→ **THE PROBLEM**:
Give back the line below containing "Lemma rem1_cvg v" and every later line, exactly.

→ **SOURCE RECORDS**:

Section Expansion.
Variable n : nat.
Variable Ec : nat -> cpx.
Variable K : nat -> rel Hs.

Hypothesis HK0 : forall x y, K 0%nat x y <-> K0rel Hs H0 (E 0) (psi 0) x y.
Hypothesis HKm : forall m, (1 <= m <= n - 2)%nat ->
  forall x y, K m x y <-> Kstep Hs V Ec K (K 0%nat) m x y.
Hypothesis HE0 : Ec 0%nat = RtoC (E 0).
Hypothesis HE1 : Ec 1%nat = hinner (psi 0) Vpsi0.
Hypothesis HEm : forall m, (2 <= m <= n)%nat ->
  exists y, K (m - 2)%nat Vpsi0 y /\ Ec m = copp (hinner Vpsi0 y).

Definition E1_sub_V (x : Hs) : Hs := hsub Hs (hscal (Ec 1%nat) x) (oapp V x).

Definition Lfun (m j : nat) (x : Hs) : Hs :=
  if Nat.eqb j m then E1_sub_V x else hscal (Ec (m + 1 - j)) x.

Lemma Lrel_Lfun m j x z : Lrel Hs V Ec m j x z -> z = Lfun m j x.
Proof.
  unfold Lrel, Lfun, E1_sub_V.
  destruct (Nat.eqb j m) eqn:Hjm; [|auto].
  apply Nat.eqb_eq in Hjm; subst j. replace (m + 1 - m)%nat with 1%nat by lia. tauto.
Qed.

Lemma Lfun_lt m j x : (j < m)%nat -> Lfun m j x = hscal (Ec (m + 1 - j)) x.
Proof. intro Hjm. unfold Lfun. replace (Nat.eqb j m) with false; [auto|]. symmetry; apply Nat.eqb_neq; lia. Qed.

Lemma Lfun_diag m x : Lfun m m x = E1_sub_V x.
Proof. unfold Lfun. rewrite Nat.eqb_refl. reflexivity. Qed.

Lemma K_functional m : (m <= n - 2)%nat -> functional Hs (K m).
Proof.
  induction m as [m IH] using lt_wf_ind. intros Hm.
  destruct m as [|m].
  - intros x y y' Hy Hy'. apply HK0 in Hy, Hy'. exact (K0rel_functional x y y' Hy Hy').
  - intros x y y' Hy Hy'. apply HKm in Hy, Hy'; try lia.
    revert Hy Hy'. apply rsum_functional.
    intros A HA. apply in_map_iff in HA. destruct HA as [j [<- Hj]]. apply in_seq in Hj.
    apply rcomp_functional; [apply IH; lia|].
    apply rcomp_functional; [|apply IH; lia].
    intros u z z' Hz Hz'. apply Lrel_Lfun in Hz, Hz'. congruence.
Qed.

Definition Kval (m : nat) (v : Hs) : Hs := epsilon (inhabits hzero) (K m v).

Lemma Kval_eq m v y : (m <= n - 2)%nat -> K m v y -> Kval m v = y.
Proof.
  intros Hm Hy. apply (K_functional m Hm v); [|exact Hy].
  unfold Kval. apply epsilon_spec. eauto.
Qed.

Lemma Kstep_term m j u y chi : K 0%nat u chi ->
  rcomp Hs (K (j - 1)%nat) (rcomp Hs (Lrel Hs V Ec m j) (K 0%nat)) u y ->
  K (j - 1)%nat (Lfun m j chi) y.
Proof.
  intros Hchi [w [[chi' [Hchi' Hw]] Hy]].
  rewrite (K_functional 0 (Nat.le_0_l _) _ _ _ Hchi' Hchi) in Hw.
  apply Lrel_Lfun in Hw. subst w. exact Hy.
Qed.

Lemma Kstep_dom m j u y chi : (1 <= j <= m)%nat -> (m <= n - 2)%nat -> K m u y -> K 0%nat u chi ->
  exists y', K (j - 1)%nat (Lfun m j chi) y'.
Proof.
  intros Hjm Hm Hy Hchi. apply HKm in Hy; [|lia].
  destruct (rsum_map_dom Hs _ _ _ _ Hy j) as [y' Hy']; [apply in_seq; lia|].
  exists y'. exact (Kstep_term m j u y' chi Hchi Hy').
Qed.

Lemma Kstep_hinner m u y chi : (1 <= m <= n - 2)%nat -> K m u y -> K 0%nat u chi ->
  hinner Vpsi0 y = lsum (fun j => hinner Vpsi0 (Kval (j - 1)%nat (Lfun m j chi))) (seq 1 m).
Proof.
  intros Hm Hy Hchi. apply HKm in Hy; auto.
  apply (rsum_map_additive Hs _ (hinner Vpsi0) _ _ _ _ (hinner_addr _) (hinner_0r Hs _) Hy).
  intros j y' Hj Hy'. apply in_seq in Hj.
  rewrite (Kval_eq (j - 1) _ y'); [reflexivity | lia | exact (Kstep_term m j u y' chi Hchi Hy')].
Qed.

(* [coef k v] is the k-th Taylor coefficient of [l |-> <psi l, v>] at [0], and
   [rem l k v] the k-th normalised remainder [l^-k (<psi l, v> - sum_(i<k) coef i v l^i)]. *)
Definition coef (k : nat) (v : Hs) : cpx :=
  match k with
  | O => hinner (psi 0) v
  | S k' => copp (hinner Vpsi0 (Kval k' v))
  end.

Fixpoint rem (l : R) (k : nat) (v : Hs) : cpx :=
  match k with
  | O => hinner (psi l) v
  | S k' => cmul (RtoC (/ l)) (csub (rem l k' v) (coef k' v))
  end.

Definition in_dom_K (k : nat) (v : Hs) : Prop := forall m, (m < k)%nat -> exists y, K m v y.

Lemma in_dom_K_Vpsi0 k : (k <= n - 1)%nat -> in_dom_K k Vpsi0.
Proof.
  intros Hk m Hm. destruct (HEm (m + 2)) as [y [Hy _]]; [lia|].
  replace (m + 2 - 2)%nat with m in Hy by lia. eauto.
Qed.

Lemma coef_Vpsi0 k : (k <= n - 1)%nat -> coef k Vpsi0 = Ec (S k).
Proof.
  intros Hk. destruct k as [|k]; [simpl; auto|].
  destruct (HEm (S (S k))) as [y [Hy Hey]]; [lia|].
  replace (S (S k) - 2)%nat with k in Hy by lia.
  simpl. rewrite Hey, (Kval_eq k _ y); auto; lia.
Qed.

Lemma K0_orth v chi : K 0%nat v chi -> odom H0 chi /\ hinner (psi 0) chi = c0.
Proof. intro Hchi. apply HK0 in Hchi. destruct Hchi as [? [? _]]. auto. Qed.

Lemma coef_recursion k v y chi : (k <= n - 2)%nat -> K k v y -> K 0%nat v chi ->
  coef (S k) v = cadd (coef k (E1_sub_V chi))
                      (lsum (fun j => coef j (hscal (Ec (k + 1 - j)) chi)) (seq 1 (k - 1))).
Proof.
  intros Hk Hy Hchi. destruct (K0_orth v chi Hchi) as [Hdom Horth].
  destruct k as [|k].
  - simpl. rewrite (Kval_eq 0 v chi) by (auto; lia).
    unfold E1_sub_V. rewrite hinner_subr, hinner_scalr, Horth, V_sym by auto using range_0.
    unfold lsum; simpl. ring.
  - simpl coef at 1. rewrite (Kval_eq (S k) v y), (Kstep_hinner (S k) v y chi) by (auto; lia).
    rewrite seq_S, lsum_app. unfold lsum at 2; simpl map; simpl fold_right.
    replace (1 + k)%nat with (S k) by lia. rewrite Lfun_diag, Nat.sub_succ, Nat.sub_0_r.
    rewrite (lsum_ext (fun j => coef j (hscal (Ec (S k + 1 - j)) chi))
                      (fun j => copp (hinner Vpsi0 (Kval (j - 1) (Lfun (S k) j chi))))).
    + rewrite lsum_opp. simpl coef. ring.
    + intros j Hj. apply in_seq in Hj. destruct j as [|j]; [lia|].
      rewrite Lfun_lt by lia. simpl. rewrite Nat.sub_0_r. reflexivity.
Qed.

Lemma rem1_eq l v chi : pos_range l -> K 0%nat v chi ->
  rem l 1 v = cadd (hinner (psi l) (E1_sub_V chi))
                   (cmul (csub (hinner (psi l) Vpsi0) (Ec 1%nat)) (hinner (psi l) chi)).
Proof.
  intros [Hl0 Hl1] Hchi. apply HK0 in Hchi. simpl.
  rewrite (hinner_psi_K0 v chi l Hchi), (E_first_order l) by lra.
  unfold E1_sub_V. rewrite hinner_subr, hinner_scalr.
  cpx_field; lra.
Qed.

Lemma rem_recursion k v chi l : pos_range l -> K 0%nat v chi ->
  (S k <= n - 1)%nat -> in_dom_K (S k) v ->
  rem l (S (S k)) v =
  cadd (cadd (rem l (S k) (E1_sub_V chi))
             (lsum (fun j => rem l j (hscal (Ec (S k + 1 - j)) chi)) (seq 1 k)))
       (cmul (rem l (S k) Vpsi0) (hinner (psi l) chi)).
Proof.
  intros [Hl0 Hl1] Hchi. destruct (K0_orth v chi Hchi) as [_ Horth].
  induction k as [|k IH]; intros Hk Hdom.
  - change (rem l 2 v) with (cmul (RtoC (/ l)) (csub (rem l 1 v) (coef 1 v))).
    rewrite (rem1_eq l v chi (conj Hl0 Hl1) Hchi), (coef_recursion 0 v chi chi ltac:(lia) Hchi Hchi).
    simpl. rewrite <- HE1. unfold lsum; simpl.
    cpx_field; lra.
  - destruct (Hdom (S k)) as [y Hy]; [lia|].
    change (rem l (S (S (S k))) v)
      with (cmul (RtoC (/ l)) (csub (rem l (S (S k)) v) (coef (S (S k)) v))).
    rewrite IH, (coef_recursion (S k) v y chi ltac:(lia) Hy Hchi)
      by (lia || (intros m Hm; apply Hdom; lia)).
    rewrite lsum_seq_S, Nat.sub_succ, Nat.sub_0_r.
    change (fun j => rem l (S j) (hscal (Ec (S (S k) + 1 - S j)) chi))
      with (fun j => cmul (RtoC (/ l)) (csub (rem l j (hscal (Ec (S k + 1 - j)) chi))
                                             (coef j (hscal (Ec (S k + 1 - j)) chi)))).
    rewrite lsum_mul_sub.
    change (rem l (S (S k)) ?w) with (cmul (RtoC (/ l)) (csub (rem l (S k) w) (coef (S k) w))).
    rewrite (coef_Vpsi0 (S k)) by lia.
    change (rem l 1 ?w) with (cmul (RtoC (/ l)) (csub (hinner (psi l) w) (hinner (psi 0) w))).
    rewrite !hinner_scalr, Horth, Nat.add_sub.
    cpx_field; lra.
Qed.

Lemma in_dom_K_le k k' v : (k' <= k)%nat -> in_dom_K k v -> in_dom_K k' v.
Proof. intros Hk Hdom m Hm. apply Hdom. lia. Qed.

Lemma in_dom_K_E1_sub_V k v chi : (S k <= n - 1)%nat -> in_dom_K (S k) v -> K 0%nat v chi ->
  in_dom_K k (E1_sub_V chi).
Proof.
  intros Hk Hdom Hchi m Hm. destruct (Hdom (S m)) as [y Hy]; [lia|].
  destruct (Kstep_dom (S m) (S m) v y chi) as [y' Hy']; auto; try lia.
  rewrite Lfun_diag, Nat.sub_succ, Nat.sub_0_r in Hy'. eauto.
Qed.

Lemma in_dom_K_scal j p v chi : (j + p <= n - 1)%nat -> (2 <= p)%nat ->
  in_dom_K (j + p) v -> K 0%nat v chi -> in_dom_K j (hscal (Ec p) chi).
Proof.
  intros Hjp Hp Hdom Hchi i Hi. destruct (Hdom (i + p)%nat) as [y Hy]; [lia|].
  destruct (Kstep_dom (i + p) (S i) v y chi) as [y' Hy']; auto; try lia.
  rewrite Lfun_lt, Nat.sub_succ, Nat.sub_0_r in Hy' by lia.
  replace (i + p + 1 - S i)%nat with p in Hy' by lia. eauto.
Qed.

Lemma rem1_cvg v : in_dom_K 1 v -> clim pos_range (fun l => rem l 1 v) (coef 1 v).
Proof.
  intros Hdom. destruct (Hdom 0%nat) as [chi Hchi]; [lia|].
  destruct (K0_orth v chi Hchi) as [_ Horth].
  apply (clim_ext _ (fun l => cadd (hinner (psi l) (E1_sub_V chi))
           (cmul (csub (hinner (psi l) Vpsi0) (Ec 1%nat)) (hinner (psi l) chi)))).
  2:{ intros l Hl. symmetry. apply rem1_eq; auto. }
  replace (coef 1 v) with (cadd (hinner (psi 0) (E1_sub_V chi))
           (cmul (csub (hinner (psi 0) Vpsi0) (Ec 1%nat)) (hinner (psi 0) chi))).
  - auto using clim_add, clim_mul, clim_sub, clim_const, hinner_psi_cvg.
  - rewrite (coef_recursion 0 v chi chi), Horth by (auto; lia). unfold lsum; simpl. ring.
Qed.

→ **TASK RESPONSE**:
Lemma rem1_cvg v : in_dom_K 1 v -> clim pos_range (fun l => rem l 1 v) (coef 1 v).
Proof.
  intros Hdom. destruct (Hdom 0%nat) as [chi Hchi]; [lia|].
  destruct (K0_orth v chi Hchi) as [_ Horth].
  apply (clim_ext _ (fun l => cadd (hinner (psi l) (E1_sub_V chi))
           (cmul (csub (hinner (psi l) Vpsi0) (Ec 1%nat)) (hinner (psi l) chi)))).
  2:{ intros l Hl. symmetry. apply rem1_eq; auto. }
  replace (coef 1 v) with (cadd (hinner (psi 0) (E1_sub_V chi))
           (cmul (csub (hinner (psi 0) Vpsi0) (Ec 1%nat)) (hinner (psi 0) chi))).
  - auto using clim_add, clim_mul, clim_sub, clim_const, hinner_psi_cvg.
  - rewrite (coef_recursion 0 v chi chi), Horth by (auto; lia). unfold lsum; simpl. ring.
Qed.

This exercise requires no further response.